Stored data entries:

________________

(* The set of bounded elements of $\mathcal{P}_{\mathrm{fci}}(I)$ is a definable subset of the structure $\mathcal{L}(I)$.
   Context: Let $I$ be a dense linear order with left endpoint $0$ and no right endpoint. Let $\mathcal{P}_{\mathrm{fci}}(I)$ be the set of finite unions of closed intervals $[i,j]$, $[i,+\infty)$, $(-\infty,j]$ of $I$. $\mathcal{L}(I)$ is the structure with universe $\mathcal{P}_{\mathrm{fci}}(I)$ in the signature $\{\cup,\cap,\bot,c_0,\min,\max,l,r\}$, interpreted as follows. - $\cup$ and $\cap$ are union and intersection. - $\bot$ is $\emptyset$, and $c_0$ is $\{0\}$. - $\min(A)$ is the singleton of the least element of $A$, with $\min(\emptyset)=\emptyset$. - $\max(A)$ is the singleton of the greatest element when $A$ is nonempty and bounded, and $\emptyset$ otherwise. - $l(A)$ and $r(A)$ are the sets of left and right endpoints of $A$. Left endpoints are the minima of the maximal closed intervals composing $A$. Right endpoints are the maxima of the bounded ones. *)

From Stdlib Require Import List.
Import ListNotations.

Record dlo_left_endpoint (T : Type) (lt : T -> T -> Prop) (z : T) : Prop := {
  dlo_irrefl : forall x, ~ lt x x;
  dlo_trans : forall x y w, lt x y -> lt y w -> lt x w;
  dlo_total : forall x y, lt x y \/ x = y \/ lt y x;
  dlo_dense : forall x y, lt x y -> exists w, lt x w /\ lt w y;
  dlo_left : forall x, ~ lt x z;
  dlo_no_right : forall x, exists y, lt x y
}.

Arguments dlo_left_endpoint {T}.

Section Sets.
Variables (T : Type) (lt : T -> T -> Prop) (z : T).

Definition le (x y : T) : Prop := lt x y \/ x = y.

Definition set := T -> Prop.

Inductive cinterval : Type :=
| ICC : T -> T -> cinterval
| IGe : T -> cinterval
| ILe : T -> cinterval.

Definition cint_mem (c : cinterval) : set :=
  match c with
  | ICC i j => fun x => le i x /\ le x j
  | IGe i => fun x => le i x
  | ILe j => fun x => le x j
  end.

Definition is_fci (A : set) : Prop :=
  exists cs : list cinterval,
    forall x, A x <-> exists c, In c cs /\ cint_mem c x.

Definition is_cint (C : set) : Prop :=
  exists c, forall x, C x <-> cint_mem c x.

Definition subset (A B : set) : Prop := forall x, A x -> B x.

Definition s_cup (A B : set) : set := fun x => A x \/ B x.
Definition s_cap (A B : set) : set := fun x => A x /\ B x.
Definition s_bot : set := fun _ => False.
Definition s_c0 : set := fun x => x = z.
Definition s_min (A : set) : set := fun x => A x /\ forall y, A y -> le x y.
(** singleton of the greatest element, empty if there is none
    (for A in P_fci(I): iff A is empty or unbounded) *)
Definition s_max (A : set) : set := fun x => A x /\ forall y, A y -> le y x.

Definition maximal_cint (A C : set) : Prop :=
  is_cint C /\ subset C A /\
  forall D, is_cint D -> subset C D -> subset D A -> subset D C.

Definition s_l (A : set) : set :=
  fun x => exists C, maximal_cint A C /\ s_min C x.
Definition s_r (A : set) : set :=
  fun x => exists C, maximal_cint A C /\ s_max C x.

Definition bounded (A : set) : Prop := exists b, forall x, A x -> le x b.

End Sets.
Arguments s_cup {T}.
Arguments s_cap {T}.
Arguments s_c0 {T}.
Arguments s_min {T}.
Arguments s_max {T}.
Arguments s_l {T}.
Arguments s_r {T}.
Arguments is_fci {T}.
Arguments bounded {T}.

Inductive term : Type :=
| TVar : nat -> term
| TCup : term -> term -> term
| TCap : term -> term -> term
| TBot : term
| TC0 : term
| TMin : term -> term
| TMax : term -> term
| TL : term -> term
| TR : term -> term.

Inductive formula : Type :=
| FEq : term -> term -> formula
| FFalse : formula
| FNot : formula -> formula
| FAnd : formula -> formula -> formula
| FOr : formula -> formula -> formula
| FImp : formula -> formula -> formula
| FEx : nat -> formula -> formula
| FAll : nat -> formula -> formula.

Section Semantics.
Variables (T : Type) (lt : T -> T -> Prop) (z : T).

Fixpoint eval_term (env : nat -> set T) (t : term) : set T :=
  match t with
  | TVar n => env n
  | TCup a b => s_cup (eval_term env a) (eval_term env b)
  | TCap a b => s_cap (eval_term env a) (eval_term env b)
  | TBot => s_bot T
  | TC0 => s_c0 z
  | TMin a => s_min lt (eval_term env a)
  | TMax a => s_max lt (eval_term env a)
  | TL a => s_l lt (eval_term env a)
  | TR a => s_r lt (eval_term env a)
  end.

Definition update (env : nat -> set T) (n : nat) (A : set T) : nat -> set T :=
  fun m => if Nat.eqb m n then A else env m.

(** Satisfaction in L(I): quantifiers range over P_fci(I);
    equality is (extensional) equality of subsets of I. *)
Fixpoint sat (env : nat -> set T) (phi : formula) : Prop :=
  match phi with
  | FEq a b => forall x, eval_term env a x <-> eval_term env b x
  | FFalse => False
  | FNot p => ~ sat env p
  | FAnd p q => sat env p /\ sat env q
  | FOr p q => sat env p \/ sat env q
  | FImp p q => sat env p -> sat env q
  | FEx n p => exists A, is_fci lt A /\ sat (update env n A) p
  | FAll n p => forall A, is_fci lt A -> sat (update env n A) p
  end.

(** X (a predicate on P_fci(I)) is definable (without parameters) in L(I):
    some formula phi, read with free variable 0, defines X in every
    assignment of elements of P_fci(I) to the variables. *)
Definition definable (X : set T -> Prop) : Prop :=
  exists phi : formula,
    forall env : nat -> set T, (forall n, is_fci lt (env n)) ->
      (sat env phi <-> X (env 0)).

End Semantics.
Arguments definable {T}.

(* A bounded finite union of closed intervals is either empty or has a
   greatest element: each of its intervals is empty or of the form [i,j] or
   (-oo,j] (a ray [i,+oo) is unbounded since I has no right endpoint), and the
   larger of two maxima is a maximum of the union.  Conversely a set with a
   maximum is bounded, and so is the empty set.  Hence the bounded elements
   are defined by  A = bot \/ max A <> bot. *)

From Stdlib Require Import List Classical.

Section BoundedFci.
Variables (T : Type) (lt : T -> T -> Prop) (z : T).
Hypothesis HI : dlo_left_endpoint lt z.

Notation le := (le T lt).

Lemma dlo_le_trans x y w : le x y -> le y w -> le x w.
Proof.
  intros [Hxy|<-] [Hyw|<-]; unfold le; auto.
  left; exact (dlo_trans _ _ _ HI _ _ _ Hxy Hyw).
Qed.

Lemma dlo_lt_le_absurd x y : lt x y -> le y x -> False.
Proof.
  intros Hxy [Hyx| ->].
  - exact (dlo_irrefl _ _ _ HI x (dlo_trans _ _ _ HI _ _ _ Hxy Hyx)).
  - exact (dlo_irrefl _ _ _ HI x Hxy).
Qed.

Definition empty_or_has_max (A : set T) : Prop :=
  (forall x, ~ A x) \/ exists m, s_max lt A m.

Lemma empty_or_has_max_ext (A B : set T) :
  (forall x, A x <-> B x) -> empty_or_has_max A -> empty_or_has_max B.
Proof.
  intros HAB [HA|[m [Am Hm]]].
  - left; intros x Bx; apply (HA x), HAB, Bx.
  - right; exists m; split; [apply HAB, Am|].
    intros y By; apply Hm, HAB, By.
Qed.

Lemma empty_or_has_max_cup (A B : set T) :
  empty_or_has_max A -> empty_or_has_max B -> empty_or_has_max (s_cup A B).
Proof.
  unfold s_cup.
  intros [HA|[a [Aa Ha]]] [HB|[b [Bb Hb]]].
  - left; intros x [Ax|Bx]; [exact (HA x Ax)|exact (HB x Bx)].
  - right; exists b; split; auto.
    intros y [Ay|By]; [destruct (HA y Ay)|auto].
  - right; exists a; split; auto.
    intros y [Ay|By]; [auto|destruct (HB y By)].
  - destruct (dlo_total _ _ _ HI a b) as [Hab|[<-|Hba]].
    + right; exists b; split; auto.
      intros y [Ay|By]; auto.
      apply (dlo_le_trans _ a); [auto|left; exact Hab].
    + right; exists a; split; auto.
      intros y [Ay|By]; auto.
    + right; exists a; split; auto.
      intros y [Ay|By]; auto.
      apply (dlo_le_trans _ b); [auto|left; exact Hba].
Qed.

Lemma ray_unbounded i : ~ bounded lt (cint_mem T lt (IGe T i)).
Proof.
  intros [b Hb]; simpl in Hb.
  destruct (dlo_no_right _ _ _ HI b) as [y Hby].
  assert (Hiy : le i y).
  { exact (dlo_le_trans _ _ _ (Hb i (or_intror eq_refl)) (or_introl Hby)). }
  exact (dlo_lt_le_absurd _ _ Hby (Hb y Hiy)).
Qed.

Lemma bounded_cint_empty_or_has_max c :
  bounded lt (cint_mem T lt c) -> empty_or_has_max (cint_mem T lt c).
Proof.
  destruct c as [i j|i|j]; simpl; intros Hbd.
  - destruct (dlo_total _ _ _ HI j i) as [Hji|Hij].
    + left; intros x [Hix Hxj].
      exact (dlo_lt_le_absurd _ _ Hji (dlo_le_trans _ _ _ Hix Hxj)).
    + right; exists j; split; [|intros y [_ Hyj]; exact Hyj].
      split; [|right; reflexivity].
      destruct Hij as [<-|Hij]; [right|left]; auto.
  - destruct (ray_unbounded i Hbd).
  - right; exists j; split; [right; reflexivity|auto].
Qed.

Lemma bounded_fci_empty_or_has_max (A : set T) :
  is_fci lt A -> bounded lt A -> empty_or_has_max A.
Proof.
  intros [cs Hcs] [b Hb].
  apply (empty_or_has_max_ext (fun x => exists c, In c cs /\ cint_mem T lt c x));
    [intro x; symmetry; apply Hcs|].
  assert (Hcsb : forall x, (exists c, In c cs /\ cint_mem T lt c x) -> le x b)
    by (intros x Hx; apply Hb, Hcs, Hx).
  clear A Hcs Hb.
  induction cs as [|c cs IH].
  - left; intros x [c [[] _]].
  - apply (empty_or_has_max_ext (s_cup (cint_mem T lt c)
             (fun x => exists c', In c' cs /\ cint_mem T lt c' x))).
    { intro x; unfold s_cup; simpl; split.
      - intros [Hc|[c' [Hin Hc']]]; eauto.
      - intros [c' [[<-|Hin] Hc']]; eauto. }
    apply empty_or_has_max_cup.
    + apply bounded_cint_empty_or_has_max.
      exists b; intros x Hx; apply Hcsb; exists c; simpl; auto.
    + apply IH; intros x [c' [Hin Hc']]; apply Hcsb; exists c'; simpl; auto.
Qed.

Lemma bounded_fci_iff (A : set T) :
  is_fci lt A -> (bounded lt A <-> empty_or_has_max A).
Proof.
  intros HA; split; [exact (bounded_fci_empty_or_has_max A HA)|].
  intros [Hempty|[m [_ Hm]]].
  - exists z; intros x Ax; destruct (Hempty x Ax).
  - exists m; exact Hm.
Qed.

End BoundedFci.

Theorem lemma4p3 (T : Type) (lt : T -> T -> Prop) (z : T)
  (HI : dlo_left_endpoint lt z) :
  definable lt z (bounded lt).
Proof.
  exists (FOr (FEq (TVar 0) TBot) (FNot (FEq (TMax (TVar 0)) TBot))).
  intros env Henv; simpl.
  rewrite (bounded_fci_iff T lt z HI (env 0) (Henv 0)).
  unfold empty_or_has_max, s_bot; split.
  - intros [Hempty|Hmax].
    + left; intros x Ax; exact (proj1 (Hempty x) Ax).
    + right; apply NNPP; intro Hno; apply Hmax; intro x; split; [|intros []].
      intro Mx; apply Hno; exists x; exact Mx.
  - intros [Hempty|[m Mm]].
    + left; intro x; split; [exact (Hempty x)|intros []].
    + right; intro Hno; exact (proj1 (Hno m) Mm).
Qed.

________________

* WHAT IS EXPECTED *
Give the lines from the one containing "exists (FOr (FEq" through the end of the entries again, exactly as written and with no other lines.

* REPLY *
  exists (FOr (FEq (TVar 0) TBot) (FNot (FEq (TMax (TVar 0)) TBot))).
  intros env Henv; simpl.
  rewrite (bounded_fci_iff T lt z HI (env 0) (Henv 0)).
  unfold empty_or_has_max, s_bot; split.
  - intros [Hempty|Hmax].
    + left; intros x Ax; exact (proj1 (Hempty x) Ax).
    + right; apply NNPP; intro Hno; apply Hmax; intro x; split; [|intros []].
      intro Mx; apply Hno; exists x; exact Mx.
  - intros [Hempty|[m Mm]].
    + left; intro x; split; [exact (Hempty x)|intros []].
    + right; intro Hno; exact (proj1 (Hno m) Mm).
Qed.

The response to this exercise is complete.